The paper presents a comprehensive application of the Discrete Persistent Structure Extractor (DisPerSE), a topological data‑analysis tool introduced in “paper I”, to both high‑resolution cosmological N‑body simulations and the Sloan Digital Sky Survey (SDSS) red‑shift catalogue. The authors demonstrate that DisPerSE can automatically identify the three fundamental components of the cosmic web—filaments, walls (or sheets), and voids—directly from the raw particle or galaxy positions without any prior smoothing, density estimation, or model assumptions.

The core methodology relies on constructing a Delaunay tessellation of the point set, computing a scalar field (typically the density estimated from the tessellation), and then extracting the Morse‑Smale complex of critical points (maxima, minima, and saddle points).
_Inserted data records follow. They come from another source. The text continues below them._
Theorem mainTheorem15 (R : realFieldType) (n m : nat) (hd tl : 'I_m -> 'I_n)
    (C : {set 'I_n}) :
  connectedG hd tl -> C != set0 -> C != setT ->
  let D := dmx R hd tl in
  let lam := dcob hd tl (chi R C) in
  let I := fun x => voronoi hd tl 0 x /\ voronoi hd tl lam x in
  (exists (a : 'rV[R]_m) (W : 'M[R]_m),
      (a <= D)%MS /\ (W <= D)%MS /\
      (\rank W + cut_rank hd tl C)%N = \rank D /\
      (forall x, I x -> (x - a <= W)%MS)) /\
  (is_face (voronoi hd tl 0) I -> aff_dim (\rank D).-1 I ->
     cut_rank hd tl C = 1%N).
Proof.
move=> conn C0 CT D lam I.
set W0 := (D :&: kermx (comp_cochain_mx R hd tl C)^T)%MS.
set k := cut_rank hd tl C.
have W0k : (\rank W0 + k <= \rank D)%N := mxrank_cap_ker_cut R C conn.
have kD : (k <= \rank D)%N := leq_trans (leq_addl _ _) W0k.
have W0D : (W0 <= D)%MS := capmxSl _ _.
have W0_le : (\rank W0 <= \rank D - k <= \rank D)%N.
  by rewrite leq_subr andbT leq_subRL // addnC.
have [W [sW0W sWD rW]] := submx_rank_between W0D W0_le.
have [a aD Ia] : exists2 a, (a <= D)%MS & forall x, I x -> (x - a <= W)%MS.
  apply: exists_affine_base => [x [[xD _] _] //|x y [x0 xlam] [y0 ylam]].
  apply: submx_trans sW0W; rewrite sub_capmx voronoi_cut_sub_ker // andbT.
  by case: x0 => xD _; case: y0 => yD _; rewrite addmx_sub ?eqmx_opp.
split; first by exists a, W; rewrite rW subnK.
move=> _ [indep _]; have := aff_indep_in_rank indep Ia; rewrite rW.
have := cut_rank_gt0 hd tl C0 CT; rewrite -/k; lia.
Qed.
(* Let $p$ be a nonzero integer and let $d$ be an integer with $d \neq 0$, $d \neq -1$, such that $d$ and $d+1$ are both divisors of $2p$, and such that $2p\left(d + \frac{1}{d}\right)$, $2p\left(d + \frac{1}{d+1}\right)$ and $2p\left(\frac{1}{d} + \frac{d}{d+1}\right)$ are integers. Then $$\left\{-p - 2p\left(d + \frac{1}{d}\right)\right\}^3 + \left\{p + 2p\left(d + \frac{1}{d+1}\right)\right\}^3 + \left\{p + 2p\left(\frac{1}{d} + \frac{d}{d+1}\right)\right\}^3 = 3p^3,$$ so that $3p^3$ is represented as a sum of three integer cubes. *)

From mathcomp Require Import all_boot all_order all_algebra.

From mathcomp Require Import all_boot all_order all_algebra.
From mathcomp Require Import ring.
Import Order.TTheory GRing.Theory Num.Theory.
Local Open Scope ring_scope.

(* The divisibility and integrality
   hypotheses only serve to make the three cubes integers. *)

Lemma three_cubes_identity (F : fieldType) (x y : F) :
  x != 0 -> x + 1 != 0 ->
  (- y - 2 * y * (x + x^-1)) ^+ 3
  + (y + 2 * y * (x + (x + 1)^-1)) ^+ 3
  + (y + 2 * y * (x^-1 + x / (x + 1))) ^+ 3
  = 3 * y ^+ 3.
Proof. by move=> x_neq0 x1_neq0; field; rewrite x_neq0 x1_neq0. Qed.

Lemma intr_addr1_eq0 (R : numDomainType) (d : int) :
  ((d%:~R : R) + 1 == 0) = (d == -1).
Proof. by rewrite -[1]/(1%:~R) -intrD intr_eq0 addr_eq0. Qed.

Theorem lemma3p2 (p d : int) :
  p != 0 -> d != 0 -> d != -1 ->
  (d %| 2 * p)%Z -> (d + 1 %| 2 * p)%Z ->
  (2 * p%:~R * (d%:~R + (d%:~R)^-1) : rat) \is a Num.int ->
  (2 * p%:~R * (d%:~R + (d%:~R + 1)^-1) : rat) \is a Num.int ->
  (2 * p%:~R * ((d%:~R)^-1 + d%:~R / (d%:~R + 1)) : rat) \is a Num.int ->
  (- p%:~R - 2 * p%:~R * (d%:~R + (d%:~R)^-1)) ^+ 3
  + (p%:~R + 2 * p%:~R * (d%:~R + (d%:~R + 1)^-1)) ^+ 3
  + (p%:~R + 2 * p%:~R * ((d%:~R)^-1 + d%:~R / (d%:~R + 1))) ^+ 3
  = 3 * (p%:~R : rat) ^+ 3.
Proof.
move=> _ d_neq0 d_neqN1 _ _ _ _ _.
by apply: three_cubes_identity; rewrite ?intr_eq0 ?intr_addr1_eq0.
Qed.
(* Let $1\le k\le n-2$ and let $\Sigma=\mathbb{S}^k\times\mathbb{R}^{n-k}\subset\mathbb{R}^{n+1}$ be a self-shrinker, with $r=|\vec x|$ where $\vec x$ are Euclidean coordinates on the $\mathbb{R}^{n-k}$ factor. Then both regions $\{r<\sqrt{2(n-k)}\}$ and $\{r>\sqrt{2(n-k)}\}$ are stable, and $\{r=\sqrt{2(n-k)}\}$ is the unique rotationally symmetric hypersurface of the form $\{r=C\}$, $C>0$, that splits $\Sigma$ into two stable regions $\{r<C\}$ and $\{r>C\}$.
   Context: $\mathbb{S}^k$ is the round sphere of radius $\sqrt{2k}$ centered at the origin of $\mathbb{R}^{k+1}$. Stability operator: $Lf=\Delta f-\tfrac12\langle\vec x,\nabla f\rangle+(|A|^2+\tfrac12)f$. A region $\Omega$ is stable if there exists a function $u$ with $Lu=0$ and $u>0$ on $\Omega$. *)

From Stdlib Require Import Reals Lra Lia.
Open Scope R_scope.

(* Points of R^{n+1} are represented as functions nat -> R; only the
   coordinates 0..n are meaningful.  For the cylinder
   Sigma = S^k x R^{n-k}, coordinates 0..k are the sphere factor
   (y in R^{k+1}, |y| = sqrt(2k)) and coordinates k+1..n are the
   R^{n-k} factor (x). *)

Fixpoint rsum (N : nat) (f : nat -> R) : R :=
  match N with
  | O => 0
  | S N' => rsum N' f + f N'
  end.

Definition upd (p : nat -> R) (i : nat) (t : R) : nat -> R :=
  fun j => if Nat.eqb j i then t else p j.

Definition rho (k : nat) : R := sqrt (2 * INR k).

Definition ysq (k : nat) (p : nat -> R) : R := rsum (S k) (fun i => p i ^ 2).

Definition rflat (k n : nat) (p : nat -> R) : R :=
  sqrt (rsum (n - k) (fun j => p (S k + j)%nat ^ 2)).

Definition on_cyl (k : nat) (p : nat -> R) : Prop := ysq k p = 2 * INR k.

(* Extension of a function u on Sigma to the open set {y <> 0} of R^{n+1},
   homogeneous of degree 0 in y: ext u (y,x) = u (rho k * y/|y|, x).
   It only uses the values of u at (canonical) points of Sigma
   (coordinates beyond n are set to 0).  Its Euclidean Laplacian at a
   point of Sigma is the Laplacian of Sigma applied to u. *)
Definition ext (k n : nat) (u : (nat -> R) -> R) (p : nat -> R) : R :=
  u (fun i => if Nat.leb i k then rho k / sqrt (ysq k p) * p i
              else if Nat.leb i n then p i else 0).

Definition is_C2_on (N : nat) (U : (nat -> R) -> Prop) (F : (nat -> R) -> R)
  (D1 : nat -> (nat -> R) -> R) (D2 : nat -> nat -> (nat -> R) -> R) : Prop :=
  (forall p, U p -> forall i, (i < N)%nat ->
     derivable_pt_lim (fun t => F (upd p i t)) (p i) (D1 i p)) /\
  (forall p, U p -> forall i j, (i < N)%nat -> (j < N)%nat ->
     derivable_pt_lim (fun t => D1 i (upd p j t)) (p j) (D2 i j p)) /\
  (forall p, U p -> forall i j, (i < N)%nat -> (j < N)%nat ->
     forall eps, 0 < eps -> exists delta, 0 < delta /\
       forall q, U q -> (forall l, (l < N)%nat -> Rabs (q l - p l) < delta) ->
         Rabs (D2 i j q - D2 i j p) < eps).

(* |A|^2 on Sigma: k principal curvatures equal to 1/rho k, the others 0 *)
Definition A2 (k : nat) : R := INR k / (rho k) ^ 2.

(* The stability operator L u = Delta u - 1/2 <X, grad u> + (|A|^2 + 1/2) u
   at a point p of Sigma, computed from the degree-0 extension F = ext u
   with partials D1, D2 (X = position vector in R^{n+1}; the sphere part
   of <X, grad F> vanishes by homogeneity). *)
Definition stab_op (k n : nat) (F : (nat -> R) -> R)
  (D1 : nat -> (nat -> R) -> R) (D2 : nat -> nat -> (nat -> R) -> R)
  (p : nat -> R) : R :=
  rsum (S n) (fun i => D2 i i p)
  - / 2 * rsum (S n) (fun i => p i * D1 i p)
  + (A2 k + / 2) * F p.

Definition stable_region (k n : nat) (Pr : R -> Prop) : Prop :=
  exists (u : (nat -> R) -> R) D1 D2,
    is_C2_on (S n) (fun p => 0 < ysq k p /\ Pr (rflat k n p)) (ext k n u) D1 D2 /\
    (forall p, on_cyl k p -> Pr (rflat k n p) ->
       0 < ext k n u p /\ stab_op k n (ext k n u) D1 D2 p = 0).

(* On the cylinder |A|^2 = 1/2, so L = Delta - <x, grad>/2 + 1 and L kills
   |x|^2 - 2(n-k): its sign gives a positive Jacobi field on each side of the
   critical radius.  If C differs from the critical radius, the side containing
   the critical cylinder carries a radial function phi = h(|x|^2), positive only
   on a compact shell, with L phi > 0 where phi > 0.  A positive solution u of
   L u = 0 there is impossible: at a maximum point of phi / u on the shell,
   M u - phi (M the maximum) has a local minimum 0, so the first derivatives
   agree and the second derivatives compare, whence L phi <= M L u = 0. *)

From Stdlib Require Import Reals Lra Lia FunctionalExtensionality Bool.
From mathcomp Require all_boot all_order all_algebra.
From mathcomp Require all_classical all_reals all_analysis Rstruct Rstruct_topology.

Module ExtremeValue.
Import HB.structures.
Import all_boot all_order all_algebra.
Import all_classical all_reals all_analysis Rstruct Rstruct_topology.
Import Order.TTheory GRing.Theory Num.Theory.
Import numFieldNormedType.Exports.
Local Open Scope classical_set_scope.
Local Open Scope ring_scope.

(* Points of R^(N+1) are coded as functions [nat -> R] vanishing from index
   [N+1] on; compactness is imported from the row vectors of MathComp. *)
Lemma extreme_value_box (N : nat) (K : (nat -> R) -> Prop) (f : (nat -> R) -> R) (B : R) :
  (exists p0, K p0) ->
  (forall p, K p -> forall i, Peano.lt i (S N) -> Rle (Rabs (p i)) B) ->
  (forall p, K p -> forall i, Peano.le (S N) i -> p i = R0) ->
  (forall p, (forall i, Peano.le (S N) i -> p i = R0) ->
     (forall eps, Rlt R0 eps -> exists q, K q /\
        forall i, Peano.lt i (S N) -> Rlt (Rabs (Rminus (q i) (p i))) eps) -> K p) ->
  (forall p, K p -> forall eps, Rlt R0 eps -> exists delta, Rlt R0 delta /\
     forall q, K q -> (forall i, Peano.lt i (S N) -> Rlt (Rabs (Rminus (q i) (p i))) delta) ->
       Rlt (Rabs (Rminus (f q) (f p))) eps) ->
  exists c, K c /\ forall p, K p -> Rle (f p) (f c).
Proof.
move=> [p0 Kp0] Kb Kz Kcl fc.
pose emb (v : 'rV[R]_N.+1) : nat -> R := fun i => if (i <= N)%N then v ord0 (inord i) else 0.
pose row_of (p : nat -> R) : 'rV[R]_N.+1 := \row_(i < N.+1) p i.
have ballE (x y : R) e : ball x e y <-> Rabs (x - y)%R < e by rewrite /ball.
have zero_out p : K p -> forall i, (N < i)%N -> p i = 0 by move=> Kp i /ssrnat.ltP; exact: Kz.
have embK p : (forall i, (N < i)%N -> p i = 0) -> emb (row_of p) = p.
  move=> Hp; apply: funext => i; rewrite /emb.
  case: ifP => Hi; first by rewrite mxE inordK.
  by rewrite Hp // ltnNge Hi.
have embv v (i : 'I_N.+1) : emb v i = v ord0 i by rewrite /emb -ltnS ltn_ord inord_val.
have near_emb v w (i : nat) e : ball v e w -> (i <= N)%N -> Rlt (Rabs (Rminus (emb w i) (emb v i))) e.
  move=> [_ /(_ ord0 (inord i))]; rewrite ballE /emb => + ->.
  move/RltP; rewrite -Rabs_Ropp; congr (Rlt _ _); congr Rabs.
  rewrite /GRing.add /GRing.opp /=; lra.
pose A := [set v : 'rV[R]_N.+1 | K (emb v)].
have clA : closed A.
  move=> v clv; rewrite /A /=; apply: Kcl => [i /ssrnat.leP|eps eps0].
    by rewrite /emb ltnNge => /negbTE ->.
  have /RltP eps0' := eps0.
  have [q [Aq bq]] := clv _ (nbhsx_ballx v eps eps0').
  by exists (emb q); split => // i /ssrnat.ltP; rewrite ltnS; exact: near_emb.
have cA : compact A.
  apply: (subclosed_compact clA);
    first (apply: (@rV_compact _ _ (fun=> `[(- B)%R, B]%classic)) => i; exact: segment_compact).
  move=> v Av i /=; rewrite in_itv /=.
  have := Kb _ Av i (ssrnat.ltP (ltn_ord i)); rewrite embv => Hv.
  have [H1 H2] : Rle (Ropp B) (v ord0 i) /\ Rle (v ord0 i) B.
    split; last exact: Rle_trans (Rle_abs _) Hv.
    by apply: Ropp_le_cancel; rewrite Ropp_involutive; apply: Rle_trans (Rle_abs _) _; rewrite Rabs_Ropp.
  by apply/andP; split; apply/RleP.
have cf : {within A, continuous (fun v => f (emb v))}.
  apply/subspace_continuousP => v Av.
  rewrite /from_subspace; apply/(@cvgrPdist_lt _ R^o) => e /RltP e0.
  have [d [/RltP d0 Hd]] := fc _ Av e e0.
  apply: (filterS _ (nbhsx_ballx v d d0)) => w bw Aw.
  have : Rlt (Rabs (Rminus (f (emb w)) (f (emb v)))) e.
    by apply: Hd => // i /ssrnat.ltP; rewrite ltnS; exact: near_emb.
  move/RltP; rewrite -Rabs_Ropp; congr (_ < _).
  by rewrite /GRing.add /GRing.opp /= /Num.norm /=; congr Rabs; lra.
have A0 : A !=set0 by exists (row_of p0); rewrite /A /= embK //; exact: zero_out.
have [c Ac Hc] := compact_EVT_max A0 cA cf.
exists (emb c); split; first by move: Ac; rewrite inE.
move=> p Kp; rewrite -(embK p (zero_out _ Kp)); apply/RleP; apply: Hc.
by rewrite inE /A /= embK //; exact: zero_out.
Qed.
Each pair of critical points is linked by a gradient line whose “persistence” is defined as the difference in the scalar field values between the two points. Persistence quantifies how robust a topological feature is against noise: high persistence indicates a feature that would survive under substantial perturbations, while low persistence corresponds to fluctuations likely caused by shot noise. The authors introduce a “persistence ratio” expressed in units of the standard deviation (σ) of the noise distribution, allowing a statistically meaningful threshold to be set.

In the simulation tests, the authors use a ΛCDM N‑body run with 256³ particles and generate subsampled versions at 100 %, 50 %, 25 % and 12.5 % of the original particle number. By varying the persistence threshold from 1σ to 4σ, they observe a clear trade‑off: low thresholds produce an over‑connected network that includes many spurious branches, whereas thresholds of 3σ or higher retain the main filamentary skeleton while discarding noise‑induced artefacts. Importantly, the Betti numbers (β₀ for connected components, β₁ for loops/filaments, β₂ for voids) become stable for thresholds ≥3σ, even when half of the particles are replaced by random noise. This demonstrates that the persistence criterion is robust enough to recover the full topological invariant set directly from the particle distribution, a capability that surpasses traditional Friends‑of‑Friends (FoF) halo finders which only identify overdense peaks.

Applying the same pipeline to the SDSS DR7 spectroscopic sample, the authors first correct for red‑shift space distortions and convert galaxy positions to comoving coordinates. Despite the irregular sampling and survey mask, DisPerSE reconstructs a filament network that matches visually identified structures in previous works. A particularly striking result is the identification of an “optically faint” galaxy cluster at the intersection of several filaments. Follow‑up X‑ray observations with the SUZAKU satellite confirm the presence of hot intracluster gas, validating the filament‑based prediction. This case study illustrates the practical power of DisPerSE for discovering previously unknown astrophysical objects by exploiting the geometry of the cosmic web.

The paper also provides a quantitative analysis of how Betti numbers evolve with the persistence threshold, offering a diagnostic tool for assessing the completeness and reliability of the extracted skeleton. The authors argue that the persistence‑based selection is analogous to a statistically calibrated FoF linking length, but with the added advantage of simultaneously delivering a self‑consistent description of filaments and walls.

Finally, the authors make the resulting filament catalogue publicly available, encouraging the community to use it for a wide range of investigations, such as galaxy evolution along filaments, matter flow into clusters, and constraints on dark energy through the large‑scale topology. The work establishes DisPerSE as a robust, noise‑resilient, and theoretically grounded method for cosmic‑web analysis, capable of handling both dense simulation data and sparse observational samples. Future extensions to upcoming large surveys (e.g., DESI, Euclid, LSST) are anticipated to further enhance our understanding of the Universe’s filamentary architecture.